The Colts host the Jacksonville Jaguars this Sunday in a critical matchup for both teams. The Jaguars are trying to stop a downward slide that threatens to put their postseason hopes out of reach. The Colts are trying to climb back from a deficit earned early in this season.
Ryan O’Bleness of Big Cat Country has graciously offered to answer some questions leading up to this divisional matchup, and I have done the same in exchange. Here is what Ryan had to say about the Jaguars.
The Jaguars didn’t face a lot of turnover on their roster in the offseason, but don’t look like the same dominant defense-driven team they were a year ago. Where are they struggling?
That is the question. The most glaring issues in my opinion are that the Jaguars have struggled to create turnovers and get sacks. There have also been some issues playing zone coverage and maintaining gap integrity.
Another thing that is important to remember, though, is that Jacksonville’s offense has often put the defense in bad spots with turnovers and forced the defensive unit to often defend short fields and/or spend way too much time on the field, which eventually causes a breakdown.

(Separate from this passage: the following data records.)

Lemma descent_const_gt0 {R : realFieldType} {L hhi beta nu : R} :
  0 < L -> L * hhi < 4 -> 0 <= beta <= 1 -> nu < 1 ->
  0 < (1 - beta) * (1 - L * hhi / 4) + beta * (1 - nu).
Proof.
move=> L0 Lh /andP[b0 b1] nu1.
have Lh4 : 0 < 1 - L * hhi / 4 by rewrite subr_gt0 ltr_pdivrMr //; lra.
have : 0 <= beta * (1 - nu) by apply: mulr_ge0; lra.
have : 0 <= (1 - beta) * (1 - L * hhi / 4) by apply: mulr_ge0; lra.
(* the weights [1 - beta] and [beta] cannot both be small *)
have [b_small|b_large] := lerP beta (1 / 2).
  have : 0 <= (1 / 2 - beta) * (1 - L * hhi / 4) by apply: mulr_ge0; lra.
  lra.
have : 0 <= (beta - 1 / 2) * (1 - nu) by apply: mulr_ge0; lra.
lra.
Qed.

Definition search_dir {R : realType} {n : nat} (gf : 'rV[R]_n -> 'rV[R]_n) (beta : R)
    (x : 'rV[R]_n) (h : R) : 'rV[R]_n :=
  gf x - beta *: (gf x - gf (zpt gf x h)).

Definition alpha_num {R : realType} {n : nat} (gf : 'rV[R]_n -> 'rV[R]_n) (L beta : R)
    (x : 'rV[R]_n) (h : R) : R :=
  let z := zpt gf x h in
  (1 - beta) * (1 - L * h / 4) * enorm (x - z) ^+ 2 + beta * dotv (x - z) (h *: gf z).

Section Algorithm3Step.
Context {R : realType} {n : nat} {gf : 'rV[R]_n -> 'rV[R]_n} {L beta : R} {x : 'rV[R]_n}.
Implicit Types (h nu : R).

Local Notation g := (gf x).
Local Notation z h := (zpt gf x h).
Local Notation d h := (search_dir gf beta x h).
Local Notation N h := (alpha_num gf L beta x h).

Lemma alpha_kE h : alpha_k gf L beta x h = N h / (h ^+ 2 * enorm (d h) ^+ 2).
Proof. by []. Qed.

Lemma subr_zpt h : x - z h = h *: g.
Proof. by rewrite /zpt opprB addrC subrK. Qed.

Lemma enorm_zptB h : 0 <= h -> enorm (z h - x) = h * enorm g.
Proof. by move=> h0; rewrite -opprB subr_zpt enormN enormZ ger0_norm. Qed.

Lemma alpha_numE h :
  N h = h ^+ 2 * ((1 - beta) * (1 - L * h / 4) * enorm g ^+ 2 + beta * dotv g (gf (z h))).
Proof. by rewrite /alpha_num subr_zpt !enorm_sqr !(dotvZl, dotvZr); ring. Qed.

Lemma ratio_le_lipschitz h : lipschitz_grad gf L -> g != 0 -> 0 < h -> Defs.ratio gf x h <= h * L.
Proof.
move=> gf_lip g0 h0.
have zx0 : 0 < enorm (z h - x) by rewrite (enorm_zptB _ (ltW h0)) mulr_gt0 // enorm_gt0.
rewrite /Defs.ratio ler_pdivrMr // -mulrA; apply: ler_wpM2l; [exact: ltW | exact: gf_lip].
Qed.

Lemma ratio_le_gradB h nu : g != 0 -> 0 < h -> Defs.ratio gf x h <= nu ->
  enorm (gf (z h) - g) <= nu * enorm g.
Proof.
move=> g0 h0; rewrite /Defs.ratio (enorm_zptB _ (ltW h0)) ler_pdivrMr ?mulr_gt0 ?enorm_gt0 //.
by rewrite mulrCA (ler_pM2l h0).
Qed.

Lemma alpha_num_ge h hhi nu : 0 <= L -> 0 <= beta <= 1 -> 0 <= h -> h <= hhi ->
  enorm (gf (z h) - g) <= nu * enorm g ->
  ((1 - beta) * (1 - L * hhi / 4) + beta * (1 - nu)) * (h ^+ 2 * enorm g ^+ 2) <= N h.
Proof.
move=> L0 /andP[b0 b1] h0 hh close.
have /ler_normlP[cs _] := cauchy_schwarz g (gf (z h) - g).
have close_g : enorm g * enorm (gf (z h) - g) <= nu * enorm g ^+ 2.
  by rewrite expr2 mulrCA; apply: ler_wpM2l; [exact: enorm_ge0 | exact: close].
have dot_ge : (1 - nu) * enorm g ^+ 2 <= dotv g (gf (z h)).
  by move: cs; rewrite dotvBr -enorm_sqr; lra.
have step_le : 1 - L * hhi / 4 <= 1 - L * h / 4 by have := ler_wpM2l L0 hh; lra.
have b1' : 0 <= 1 - beta by rewrite subr_ge0.
have := lerD (ler_wpM2l b1' (ler_wpM2r (sqr_ge0 (enorm g)) step_le)) (ler_wpM2l b0 dot_ge).
move/(ler_wpM2l (sqr_ge0 h)); rewrite alpha_numE; lra.
Qed.

Lemma enorm_search_dir_le h nu : enorm (gf (z h) - g) <= nu * enorm g ->
  enorm (d h) ^+ 2 <= (2 + 2 * beta ^+ 2 * nu ^+ 2) * enorm g ^+ 2.
Proof.
move=> close; have gz0 := enorm_ge0 (gf (z h) - g).
have close_sqr : enorm (gf (z h) - g) ^+ 2 <= nu ^+ 2 * enorm g ^+ 2.
  by rewrite -exprMn ler_sqr ?nnegrE //; exact: le_trans close.
have -> : d h = g + beta *: (gf (z h) - g) by rewrite /search_dir -scalerN opprB.
apply: le_trans (enorm_sqrD_le _ _) _.
rewrite enormZ exprMn real_normK ?num_real //.
have := ler_wpM2l (sqr_ge0 beta) close_sqr; lra.
Qed.

Lemma alpha_k_ge h hhi nu : 0 < L -> L * hhi < 4 -> 0 <= beta <= 1 -> nu < 1 ->
  0 < h -> h <= hhi -> enorm (gf (z h) - g) <= nu * enorm g -> d h != 0 ->
  ((1 - beta) * (1 - L * hhi / 4) + beta * (1 - nu)) / (2 + 2 * beta ^+ 2 * nu ^+ 2)
    <= alpha_k gf L beta x h.
Proof.
move=> L0 Lh b01 nu1 h0 hh close d0.
have C0 := descent_const_gt0 L0 Lh b01 nu1.
have D0 := alpha_denom_gt0 beta nu.
have h2 : 0 <= h ^+ 2 := sqr_ge0 h.
rewrite alpha_kE ler_pdivlMr ?mulr_gt0 ?exprn_gt0 ?enorm_gt0 //.
apply: le_trans (alpha_num_ge _ _ _ (ltW L0) b01 (ltW h0) hh close).
apply: le_trans (ler_wpM2l (divr_ge0 (ltW C0) (ltW D0))
  (ler_wpM2l h2 (enorm_search_dir_le _ _ close))) _.
by rewrite le_eqVlt; apply/orP; left; apply/eqP; field; rewrite gt_eqF.
Qed.

Section ConvexStep.
Context {f : 'rV[R]_n -> R} {xs : 'rV[R]_n}.
Hypotheses (f_cvx : convex_fun f) (f_grad : has_gradient f gf)
  (gf_lip : lipschitz_grad gf L) (L_gt0 : 0 < L) (xs_min : gf xs = 0).

(* [(1 - L h / 4) h L <= 1] for every [h], as [(1 - L h / 2) ^ 2 >= 0]. *)
Lemma gradient_dot_ge h : 0 <= h ->
  (1 - L * h / 4) * h * enorm g ^+ 2 <= dotv g (x - xs).
Proof.
move=> h0; apply: le_trans (gradient_cocoercive_min f_grad gf_lip x xs f_cvx L_gt0 xs_min).
have -> : (1 - L * h / 4) * h * enorm g ^+ 2 = ((1 - L * h / 4) * h * L) * (enorm g ^+ 2 / L).
  by field; rewrite gt_eqF.
apply: ler_piMl; first by rewrite divr_ge0 ?sqr_ge0 ?ltW.
have := sqr_ge0 (1 - L * h / 2); lra.
Qed.

Lemma alpha_num_le_dot h : 0 <= h -> 0 <= beta <= 1 ->
  N h <= h * dotv (d h) (x - xs).
Proof.
move=> h0 /andP[b0 b1].
have gz_dot : h * dotv g (gf (z h)) <= dotv (gf (z h)) (x - xs).
  have -> : x - xs = (z h - xs) + h *: g by rewrite -subr_zpt [RHS]addrC [RHS]addrA subrK.
  rewrite dotvDr dotvZr dotvC lerDr.
  exact: gradient_monotone_min f_grad (z h) xs f_cvx xs_min.
have b1' : 0 <= 1 - beta by rewrite subr_ge0.
have := ler_wpM2l h0 (lerD (ler_wpM2l b1' (gradient_dot_ge _ h0)) (ler_wpM2l b0 gz_dot)).
rewrite /search_dir alpha_numE !(dotvBl, dotvZl); lra.
Qed.

Lemma algorithm3_dist_sqr_le h hhi nu eta : g != 0 -> 0 < h <= hhi -> L * hhi < 4 ->
  0 <= beta <= 1 -> nu < 1 -> 0 <= eta <= 2 -> Defs.ratio gf x h <= nu ->
  enorm (x - (eta * alpha_k gf L beta x h * h) *: d h - xs) ^+ 2 <=
  enorm (x - xs) ^+ 2 - eta * (2 - eta) *
    (((1 - beta) * (1 - L * hhi / 4) + beta * (1 - nu)) / (2 + 2 * beta ^+ 2 * nu ^+ 2)) *
    ((1 - beta) * (1 - L * hhi / 4) + beta * (1 - nu)) * h ^+ 2 * enorm g ^+ 2.
Proof.
move=> g0 /andP[h0 hh] Lh b01 nu1 /andP[e0 e2] rat.
have close := ratio_le_gradB _ _ g0 h0 rat.
have C0 := descent_const_gt0 L_gt0 Lh b01 nu1.
have D0 := alpha_denom_gt0 beta nu.
have hG0 : 0 < h ^+ 2 * enorm g ^+ 2 by rewrite mulr_gt0 ?exprn_gt0 ?enorm_gt0.
have N_ge := alpha_num_ge _ _ _ (ltW L_gt0) b01 (ltW h0) hh close.
have N_le := alpha_num_le_dot _ (ltW h0) b01.
have N0 := lt_le_trans (mulr_gt0 C0 hG0) N_ge.
have d0 : d h != 0.
  by apply/eqP => d0; move: N_le; rewrite d0 dotv0l mulr0; lra.
have al_ge := alpha_k_ge _ _ _ L_gt0 Lh b01 nu1 h0 hh close d0.
have al0 := le_trans (divr_ge0 (ltW C0) (ltW D0)) al_ge.
have alE : alpha_k gf L beta x h * (h ^+ 2 * enorm (d h) ^+ 2) = N h.
  by rewrite alpha_kE divfK // mulf_neq0 ?expf_neq0 ?gt_eqF ?enorm_gt0.
rewrite addrAC enorm_sqrB.
move: (alpha_k gf L beta x h) al0 al_ge alE => a a0 a_ge aE.
(* [alpha_k] is chosen so that the quadratic term equals [eta ^+ 2 * a * N h], while the
   linear term is at least [2 * eta * a * N h]. *)
have quad : (eta * a * h) ^+ 2 * enorm (d h) ^+ 2 = eta ^+ 2 * a * N h.
  by rewrite -aE; ring.
have ea0 : 0 <= 2 * eta * a by rewrite !mulr_ge0.
have e20 : 0 <= eta * (2 - eta) by rewrite mulr_ge0 ?subr_ge0.
have := ler_wpM2l ea0 N_le.
have := ler_wpM2l e20
  (ler_pM (divr_ge0 (ltW C0) (ltW D0)) (mulr_ge0 (ltW C0) (ltW hG0)) a_ge N_ge).
rewrite quad; lra.
Qed.

End ConvexStep.
End Algorithm3Step.

Lemma backtrack_step_bounds {R : realFieldType} {t r nu theta L : R} :
  0 < t -> 0 < nu -> nu < 1 -> 0 < theta < 1 -> nu < r -> r <= t * L ->
  [/\ 0 < t * theta * Num.min 1 (1 / r), t * theta * Num.min 1 (1 / r) <= t
    & theta * nu / L <= t * theta * Num.min 1 (1 / r)].
Proof.
move=> t0 nu0 nu1 /andP[th0 th1] nur rL.
have r0 : 0 < r := lt_trans nu0 nur.
have tL0 : 0 < t * L := lt_le_trans r0 rL.
have m0 : 0 < Num.min 1 (1 / r) by rewrite lt_min ltr01 divr_gt0.
have m1 : Num.min 1 (1 / r) <= 1 by rewrite ge_min lexx.
have L0 : 0 < L by rewrite -(pmulr_rgt0 _ t0).
split; first by rewrite !mulr_gt0.
  rewrite -mulrA; apply: ler_piMr; first exact: ltW.
  by have := ler_wpM2l (ltW th0) m1; lra.
have ratio_le : nu / (t * L) <= Num.min 1 (1 / r).
  rewrite le_min !ler_pdivrMr // mul1r; apply/andP; split; first lra.
  rewrite mulrC ler_pdivlMr //.
  by have := ler_wpM2r (ltW r0) (ltW nu1); lra.
have -> : theta * nu / L = t * theta * (nu / (t * L)) by field; rewrite !gt_eqF.
by apply: ler_wpM2l ratio_le; rewrite mulr_ge0 ?ltW.
Qed.

Lemma trial_bounds {R : realType} {n : nat} {gf : 'rV[R]_n -> 'rV[R]_n} {L nu theta : R}
    {x : 'rV[R]_n} {g0 : R} {m : nat} :
  lipschitz_grad gf L -> gf x != 0 -> 0 < nu -> nu < 1 -> 0 < theta < 1 -> 0 < g0 ->
  (forall l, (l < m)%N -> nu < Defs.ratio gf x (trial gf x theta g0 l)) ->
  forall l, (l <= m)%N ->
  [/\ 0 < trial gf x theta g0 l, trial gf x theta g0 l <= g0
    & Num.min g0 (theta * nu / L) <= trial gf x theta g0 l].
Proof.
move=> gf_lip gx nu0 nu1 th01 g0_gt0 backtrack; elim=> [|l IH] lm.
  by split; rewrite //= ge_min lexx.
have [t0 t_le t_ge] := IH (ltnW lm).
have [next0 next_le next_ge] := backtrack_step_bounds t0 nu0 nu1 th01 (backtrack l lm)
  (ratio_le_lipschitz _ gf_lip gx t0).
by split => //; [exact: le_trans t_le | rewrite ge_min next_ge orbT].
Qed.

Lemma projI_itv (R : realType) (a b t : R) : a <= b -> a <= projI a b t <= b.
Proof. by move=> ab; rewrite /projI le_max lexx ge_max ab ge_min lexx. Qed.

Lemma stepsize_floor_le (R : realType) (hlo hhi nu theta L g : R) :
  hlo <= g -> 1 <= hhi -> 0 < L -> 0 <= nu -> 0 <= theta ->
  Num.min hlo (nu * theta / (hhi * Num.max L 1 ^+ 2)) <= Num.min g (theta * nu / L).
Proof.
move=> hlo_g hhi1 L0 nu0 th0; set M := Num.max L 1.
have M1 : 1 <= M by rewrite le_max lexx orbT.
have LM : L <= hhi * M ^+ 2.
  have LM : L <= M by rewrite le_max lexx.
  have M0 : 0 <= M := le_trans ler01 M1.
  have : 0 <= (hhi - 1) * (M * M) by rewrite mulr_ge0 ?subr_ge0 ?mulr_ge0.
  have : 0 <= M * (M - 1) by rewrite mulr_ge0 ?subr_ge0.
  rewrite expr2; lra.
have hM0 : 0 < hhi * M ^+ 2 := lt_le_trans L0 LM.
rewrite le_min !ge_min hlo_g /= [nu * theta]mulrC; apply/orP; right.
by apply: ler_wpM2l; rewrite ?mulr_ge0 // lef_pV2 ?posrE.
Qed.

All of that said, the defense has still been statistically solid pretty much all season long. The Jaguars currently rank No. 1 in the NFL in passing defense, No. 2 in total defense and No. 8 in points per game allowed. The unit struggles against the rush, though, giving up 123.2 yards per game on the ground (24th in the league).
Jacksonville has really struggled defensively over the past four games, but looked improved in the last outing against the Philadelphia Eagles. So, the defense has not been completely awful this season, but the national media just hasn’t given it as much as attention as 2017 due to lack of big plays and turnovers, and the struggles are certainly more prevalent.
Leonard Fournette looks like he might be able to return Sunday. How much do you expect he’ll play if he does return, and what impact can he have on the Jaguars’ offense?
It’s hard to say. Leonard Fournette is yet to even play four quarters of football total in 2018 due to a hamstring injury, and the Jaguars’ rushing attack has really taken a hit this year. Part of that is because of Fournette’s absence, part of it is due to injuries and poor play across the offensive line and part of it is due to the running game falling out of the game plan since the Jags were often playing from behind early in the past four games.
Fournette has been practicing in a limited capacity this week, and should be on track to play on Sunday. When Fournette did play, it was evident that Jacksonville wanted to make him the focal point and run the offense through its bell cow back. If the coaching and training staffs feel that he is healthy enough, I would expect that to continue.
I feel that Fournette’s presence should help Jacksonville’s offense, as he will command more attention and hopefully open up things in the passing game against a less than stellar Indianapolis defense. The Jags also recently acquired Carlos Hyde, and T.J. Yeldon will remain involved, so the Jags have the option of easing Fournette back into things as well. My fellow Big Cat Country writer, Filip Prus, wrote a great article this week analyzing whether or not the Jaguars will get back to their identify of running the football in the second half of the season.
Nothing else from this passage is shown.